Saved data entries:
----------------------------------------

Definition toK (f : iser) : series K := fun w => (f w)%:~R.

Definition leval (t : lie_term) : series K := toK (ieval t).

Lemma smul_toK (f g : iser) : smul (toK f) (toK g) = toK (imul f g).
Proof.
apply: functional_extensionality => w.
rewrite /smul /toK /imul isumE rmorph_sum big_mkord.
by apply: eq_bigr => i _; rewrite rmorphM.
Qed.

Lemma sdelta_toK (f : iser) : sdelta (toK f) = toK (idelta f).
Proof.
apply: functional_extensionality => w.
rewrite /sdelta /toK /idelta isumE rmorph_sum big_mkord big_mkcond.
by apply: eq_bigr => i _; case: (nth true w i).
Qed.

Lemma leval_LX : leval LX = sX K.
Proof. exact: functional_extensionality. Qed.

Lemma leval_LY : leval LY = sY K.
Proof. exact: functional_extensionality. Qed.

Lemma leval_LBr a b : leval (LBr a b) = sbracket (leval a) (leval b).
Proof.
apply: functional_extensionality => w.
by rewrite /sbracket !smul_toK /leval /toK /= /ibracket intrB.
Qed.

Lemma smul_deg_le m1 m2 f g : deg_le m1 f -> deg_le m2 g -> deg_le (m1 + m2) (smul f g).
Proof.
move=> f0 g0 w sw; rewrite /smul big1 // => i _; have := ltn_ord i.
case: (leqP i m1) => im1 iw.
  by rewrite g0 ?mulr0 // size_drop; lia.
by rewrite f0 ?mul0r // size_take_min; lia.
Qed.

Lemma sbracket_deg_le m1 m2 f g :
  deg_le m1 f -> deg_le m2 g -> deg_le (m1 + m2) (sbracket f g).
Proof.
move=> f0 g0 w sw; rewrite /sbracket (smul_deg_le f0 g0) // (smul_deg_le g0 f0) ?subr0 //.
by rewrite addnC.
Qed.

Lemma leval_deg_le t : deg_le (ldeg t) (leval t).
Proof.
elim: t => [||a IHa b IHb] /=; last by rewrite leval_LBr; apply: sbracket_deg_le.
  by move=> w sw; rewrite /leval /toK /= /ix; case: eqP sw => // ->.
by move=> w sw; rewrite /leval /toK /= /iy; case: eqP sw => // ->.
Qed.

Lemma deg_le_agree_eq n f g : deg_le n f -> deg_le n g -> agree_upto n f g -> f = g.
Proof.
move=> f0 g0 fg; apply: functional_extensionality => w.
by case: (leqP (size w) n) => sw; [exact: fg | rewrite f0 ?g0].
Qed.

Lemma smul_agree n f f' g g' :
  agree_upto n f f' -> agree_upto n g g' -> agree_upto n (smul f g) (smul f' g').
Proof.
move=> ff' gg' w sw; apply: eq_bigr => i _.
rewrite ff' ?gg' //; last by rewrite size_take_min (leq_trans (geq_minr _ _)).
by rewrite size_drop (leq_trans (leq_subr _ _)).
Qed.

Lemma sbracket_agree n f f' g g' :
  agree_upto n f f' -> agree_upto n g g' -> agree_upto n (sbracket f g) (sbracket f' g').
Proof. by move=> ff' gg' w sw; rewrite /sbracket !(smul_agree ff' gg', smul_agree gg' ff'). Qed.

Lemma sdelta_agree n f g : agree_upto n f g -> agree_upto n (sdelta f) (sdelta g).
Proof.
move=> fg w sw; apply: eq_bigr => i _.
by rewrite fg // size_set_nth (maxn_idPr (ltn_ord i)).
Qed.

Lemma smul_sum (I J : Type) (r : seq I) (s : seq J) (a : I -> K) (b : J -> K)
    (F : I -> series K) (G : J -> series K) w :
  smul (fun v => \sum_(i <- r) a i * F i v) (fun v => \sum_(j <- s) b j * G j v) w =
  \sum_(i <- r) \sum_(j <- s) a i * b j * smul (F i) (G j) w.
Proof.
rewrite /smul.
under eq_bigr => k _ do rewrite big_distrlr.
rewrite exchange_big; apply: eq_bigr => i _; rewrite exchange_big.
by apply: eq_bigr => j _; rewrite mulr_sumr; apply: eq_bigr => k _; rewrite mulrACA.
Qed.

Definition lin_comb (B : seq lie_term) c : series K :=
  fun w => \sum_(t <- B) c t * leval t w.

Lemma sbracket_lin_comb B c d w :
  sbracket (lin_comb B c) (lin_comb B d) w =
  \sum_(a <- B) \sum_(b <- B) c a * d b * leval (LBr a b) w.
Proof.
rewrite /sbracket !smul_sum [X in _ - X]exchange_big -sumrB.
apply: eq_bigr => a _; rewrite -sumrB; apply: eq_bigr => b _.
by rewrite leval_LBr /sbracket mulrBr [d b * c a]mulrC.
Qed.

Lemma sdelta_lin_comb B c w :
  sdelta (lin_comb B c) w = \sum_(t <- B) c t * sdelta (leval t) w.
Proof.
by rewrite /sdelta /lin_comb exchange_big; apply: eq_bigr => t _; rewrite mulr_sumr.
Qed.

Lemma lin_comb_deg_le n B c : (forall t, t \in B -> ldeg t <= n)%N -> deg_le n (lin_comb B c).
Proof.
move=> Bn w sw; rewrite /lin_comb big1_seq // => t /andP[_ tB].
by rewrite leval_deg_le ?mulr0 // (leq_ltn_trans (Bn t tB)).
Qed.

End Series.

Section TruncatedSpan.
Variables (K : fieldType) (n : nat) (B : seq lie_term).

Definition trunc_span (g : series K) : Prop := exists c, agree_upto n g (lin_comb B c).

Lemma trunc_span_agree g h : agree_upto n g h -> trunc_span h -> trunc_span g.
Proof. by move=> gh [c hc]; exists c => w sw; rewrite gh ?hc. Qed.

Lemma trunc_span0 : trunc_span (szero K).
Proof. by exists (fun=> 0) => w _; rewrite /szero /lin_comb big1 // => t _; rewrite mul0r. Qed.

Lemma trunc_spanD g h : trunc_span g -> trunc_span h -> trunc_span (sadd g h).
Proof.
move=> [c gc] [d hd]; exists (fun t => c t + d t) => w sw.
by rewrite /sadd gc ?hd // /lin_comb -big_split; apply: eq_bigr => t _; rewrite mulrDl.
Qed.

Lemma trunc_spanZ a g : trunc_span g -> trunc_span (sscale a g).
Proof.
move=> [c gc]; exists (fun t => a * c t) => w sw.
by rewrite /sscale gc // /lin_comb mulr_sumr; apply: eq_bigr => t _; rewrite mulrA.
Qed.

Lemma trunc_span_sum (I : eqType) (r : seq I) (a : I -> K) (F : I -> series K) :
  (forall i, i \in r -> trunc_span (F i)) -> trunc_span (fun w => \sum_(i <- r) a i * F i w).
Proof.
elim: r => [|i r IHr] Fr.
  by apply: trunc_span_agree trunc_span0 => w _; rewrite big_nil.
apply: (@trunc_span_agree _ (sadd (sscale (a i) (F i)) (fun w => \sum_(j <- r) a j * F j w))).
  by move=> w _; rewrite big_cons.
apply: trunc_spanD; first by apply/trunc_spanZ/Fr; rewrite mem_head.
by apply: IHr => j jr; apply: Fr; rewrite in_cons jr orbT.
Qed.

Lemma trunc_span_leval t : uniq B -> t \in B -> trunc_span (leval K t).
Proof.
move=> uB tB; exists (fun s => (s == t)%:R) => w _.
rewrite /lin_comb (bigD1_seq t) //= eqxx mul1r big1 ?addr0 // => s /negbTE ->.
by rewrite mul0r.
Qed.

Hypothesis bracket_closed :
  forall a b, a \in B -> b \in B -> trunc_span (leval K (LBr a b)).

Lemma trunc_span_bracket g h : trunc_span g -> trunc_span h -> trunc_span (sbracket g h).
Proof.
move=> [c gc] [d hd].
apply: (trunc_span_agree (sbracket_agree gc hd)).
apply: (@trunc_span_agree _
  (fun w => \sum_(a <- B) c a * \sum_(b <- B) d b * leval K (LBr a b) w)).
  move=> w _; rewrite sbracket_lin_comb; apply: eq_bigr => a _.
  by rewrite mulr_sumr; apply: eq_bigr => b _; rewrite mulrA.
apply: trunc_span_sum => a aB; apply: trunc_span_sum => b bB.
exact: bracket_closed.
Qed.

Lemma free_lie_trunc_span f : uniq B -> LX \in B -> LY \in B -> free_lie f -> trunc_span f.
Proof.
move=> uB xB yB; elim=> {f} [f [->|->] | | f g _ Sf _ Sg | a f _ Sf | f g _ Sf _ Sg].
- by rewrite -leval_LX; apply: trunc_span_leval.
- by rewrite -leval_LY; apply: trunc_span_leval.
- exact: trunc_span0.
- exact: trunc_spanD Sf Sg.
- exact: trunc_spanZ Sf.
- exact: trunc_span_bracket Sf Sg.
Qed.

Lemma lin_comb_coef_eq0 c f t w :
    uniq B -> t \in B -> (size w <= n)%N ->
    agree_upto n f (lin_comb B c) -> sdelta f = szero K ->
    (forall s, s \in B -> s != t -> idelta (ieval s) w = 0) ->
    (idelta (ieval t) w)%:~R != 0 :> K ->
  c t = 0.
Proof.
move=> uB tB sw fc df0 ds0 dt0.
have := congr1 (fun h => h w) df0; rewrite /szero (sdelta_agree fc) // sdelta_lin_comb.
rewrite (bigD1_seq t) //= big1_seq => [|s /andP[st sB]]; last first.
  by rewrite /leval sdelta_toK /toK ds0 ?mulr0.
by rewrite addr0 /leval sdelta_toK => /eqP; rewrite mulf_eq0 (negbTE dt0) orbF => /eqP.
Qed.

End TruncatedSpan.

Lemma lie_span_lin_comb (K : fieldType) (S : series K -> Prop) B c :
  (forall t, t \in B -> c t != 0 -> lie_span S (leval K t)) -> lie_span S (lin_comb B c).
Proof.
elim: B => [|t B IHB] BS.
  have -> : lin_comb [::] c = szero K.
    by apply: functional_extensionality => w; rewrite /lin_comb big_nil.
  exact: ls_zero.
have -> : lin_comb (t :: B) c = sadd (sscale (c t) (leval K t)) (lin_comb B c).
  by apply: functional_extensionality => w; rewrite /lin_comb big_cons.
apply: ls_add; last by apply: IHB => s sB; apply: BS; rewrite in_cons sB orbT.
have [-> | ct0] := eqVneq (c t) 0.
  have -> : sscale 0 (leval K t) = szero K.
    by apply: functional_extensionality => w; rewrite /sscale mul0r.
  exact: ls_zero.
by apply/ls_scale/BS; rewrite ?mem_head.
Qed.

Lemma xu_term_lie_span (K : fieldType) t : xu_term t ->
  lie_span (fun g => g = sX K \/ g = sbracket (sY K) (sX K)) (leval K t).
Proof.
elim: t => [||a IHa b IHb] //=; first by move=> _; apply: ls_gen; left; rewrite leval_LX.
case/orP => [/eqP[-> ->] | /andP[xa xb]].
  by apply: ls_gen; right; rewrite leval_LBr leval_LX leval_LY.
by rewrite leval_LBr; apply: ls_bracket; [apply: IHa | apply: IHb].
Qed.

Lemma intr_pchar0_neq0 (R : idomainType) (z : int) :
  [pchar R] =i pred0 -> z != 0 -> z%:~R != 0 :> R.
Proof.
move=> /pcharf0P R0; case: z => m; rewrite ?NegzE ?intrN -pmulrn ?oppr_eq0 R0 //.
Qed.

Section Certificates.
Variables (n : nat) (B : seq lie_term) (ev : lie_term -> iser).

Definition is_pivot (t : lie_term) (w : word) : bool :=
  (ev t w ^+ 2 == 1) && all (fun s => (s == t) || (ev s w == 0)) B.

Definition pivot (t : lie_term) : word :=
  nth [::] (words_upto n) (find (is_pivot t) (words_upto n)).

(* [pv t] only serves to compute the coordinate of [t], which is then checked:
   any [pv] is sound, and a pivot word makes the coordinate exact. *)
Definition int_spanb (pv : lie_term -> word) (g : iser) : bool :=
  let c := [seq (ev t, g (pv t) * ev t (pv t)) | t <- B] in
  all (fun w => g w == isum c (fun p => p.2 * p.1 w)) (words_upto n).

Definition bracket_closedb : bool :=
  let P := [seq pivot t | t <- B] in
  let pv t := nth [::] P (index t B) in
  all (fun a => all (fun b => int_spanb pv (ibracket (ev a) (ev b))) B) B.

Definition delta_separatesb (t : lie_term) (w : word) : bool :=
  (idelta (ev t) w != 0) && all (fun s => (s == t) || (idelta (ev s) w == 0)) B.

Definition kernel_certb : bool :=
  all (fun t => xu_term t || has (delta_separatesb t) (words_upto n)) B.

Hypothesis ev_agree : forall t, t \in B -> agree_upto n (ev t) (ieval t).

Lemma int_spanbP (K : fieldType) pv g : int_spanb pv g -> trunc_span n B (toK K g).
Proof.
move=> /allP gB; exists (fun t => (g (pv t) * ev t (pv t))%:~R) => w sw.
rewrite /toK /lin_comb (eqP (gB w _)) ?mem_words_upto // isumE big_map rmorph_sum.
by apply: eq_big_seq => t tB; rewrite rmorphM /= /leval /toK (ev_agree tB sw).
Qed.

Lemma bracket_closedP (K : fieldType) : bracket_closedb ->
  forall a b, a \in B -> b \in B -> trunc_span n B (leval K (LBr a b)).
Proof.
rewrite /bracket_closedb /= => /allP closedB a b aB bB.
have /allP/(_ b bB)/(int_spanbP K) abB := closedB a aB.
apply: trunc_span_agree abB => w sw.
by rewrite /leval /toK /= (ibracket_agree (ev_agree aB) (ev_agree bB)).
Qed.

Lemma kernel_certP : kernel_certb -> forall t, t \in B ->
  xu_term t \/
  exists2 w, (size w <= n)%N &
    idelta (ieval t) w != 0 /\ forall s, s \in B -> s != t -> idelta (ieval s) w = 0.
Proof.
move=> /allP cert t tB; case/orP: (cert t tB) => [|/hasP[w]]; first by left.
rewrite mem_words_upto => sw /andP[dt0 /allP ds0]; right; exists w => //.
rewrite -(idelta_agree (ev_agree tB)) //; split=> // s sB st.
by rewrite -(idelta_agree (ev_agree sB)) //; move: (ds0 s sB); rewrite (negbTE st) => /eqP.
Qed.

End Certificates.

Definition Lux : lie_term := LBr Lu LX.
Definition Luy : lie_term := LBr Lu LY.
Definition Luxx : lie_term := LBr Lux LX.
Definition Luyy : lie_term := LBr Luy LY.

(* The homogeneous components of L of degrees 1, ..., 5 have dimensions
   2, 1, 2, 3, 6.  In degree 5, [[[u,y],y],x] is used rather than [[[u,x],y],y]
   so that every element has a pivot word. *)
Definition basis5 : seq lie_term :=
  [:: LX; LY; Lu; Lux; Luy; Luxx; LBr Lux LY; Luyy;
      LBr Luxx LX; LBr Lu Lux; LBr Luxx LY; LBr Luyy LX; LBr Lu Luy; LBr Luyy LY].

Definition basis5_tries : seq trie := [seq teval 5 t | t <- basis5].

Definition ev5 (t : lie_term) : iser := tget (nth Leaf basis5_tries (index t basis5)).

Lemma ev5_agree t : t \in basis5 -> agree_upto 5 (ev5 t) (ieval t).
Proof.
move=> tB; rewrite /ev5 /basis5_tries (nth_map LX) ?index_mem // nth_index //.
exact: teval_agree.
Qed.

Lemma basis5_uniq : uniq basis5.
Proof. by []. Qed.

Lemma basis5_ldeg t : t \in basis5 -> (ldeg t <= 5)%N.
Proof. by move: t; apply/allP. Qed.

Lemma basis5_bracket_closed : bracket_closedb 5 basis5 ev5.
Proof. by vm_compute. Qed.

Lemma basis5_kernel_cert : kernel_certb 5 basis5 ev5.
Proof. by vm_compute. Qed.

Unset Implicit Arguments.
Theorem proposition5p3 (K : fieldType) (charK0 : [pchar K] =i pred0)
  (f : series K) :
  free_lie f ->
  sdelta f = szero K ->
  f <> szero K ->
  deg_le 5 f ->
  lie_span (fun g => g = sX K \/ g = sbracket (sY K) (sX K)) f.
Proof.
move=> Lf df0 _ degf.
have closed5 := bracket_closedP ev5_agree K basis5_bracket_closed.
have [c fc] := free_lie_trunc_span closed5 basis5_uniq isT isT Lf.
have -> : f = lin_comb basis5 c.
  exact: deg_le_agree_eq degf (lin_comb_deg_le _ basis5_ldeg) fc.
apply: lie_span_lin_comb => t tB.
have [xu | [w sw [dt0 ds0]]] := kernel_certP ev5_agree basis5_kernel_cert tB.
  by move=> _; apply: xu_term_lie_span.
have dt0K := intr_pchar0_neq0 charK0 dt0.
by rewrite (lin_comb_coef_eq0 basis5_uniq tB sw fc df0 ds0 dt0K) eqxx.
Qed.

----------------------------------------

▸ GOAL OF THE EXERCISE
Among the records above, extract exactly the lines from the line with "case/orP => [/eqP[-> ->] | /andP[xa xb]]." to the line with "let c := [seq", both lines included, and leave out the rest.

▸ EXERCISE RESULT
case/orP => [/eqP[-> ->] | /andP[xa xb]].
  by apply: ls_gen; right; rewrite leval_LBr leval_LX leval_LY.
by rewrite leval_LBr; apply: ls_bracket; [apply: IHa | apply: IHb].
Qed.

Lemma intr_pchar0_neq0 (R : idomainType) (z : int) :
  [pchar R] =i pred0 -> z != 0 -> z%:~R != 0 :> R.
Proof.
move=> /pcharf0P R0; case: z => m; rewrite ?NegzE ?intrN -pmulrn ?oppr_eq0 R0 //.
Qed.

Section Certificates.
Variables (n : nat) (B : seq lie_term) (ev : lie_term -> iser).

Definition is_pivot (t : lie_term) (w : word) : bool :=
  (ev t w ^+ 2 == 1) && all (fun s => (s == t) || (ev s w == 0)) B.

Definition pivot (t : lie_term) : word :=
  nth [::] (words_upto n) (find (is_pivot t) (words_upto n)).

(* [pv t] only serves to compute the coordinate of [t], which is then checked:
   any [pv] is sound, and a pivot word makes the coordinate exact. *)
Definition int_spanb (pv : lie_term -> word) (g : iser) : bool :=
  let c := [seq (ev t, g (pv t) * ev t (pv t)) | t <- B] in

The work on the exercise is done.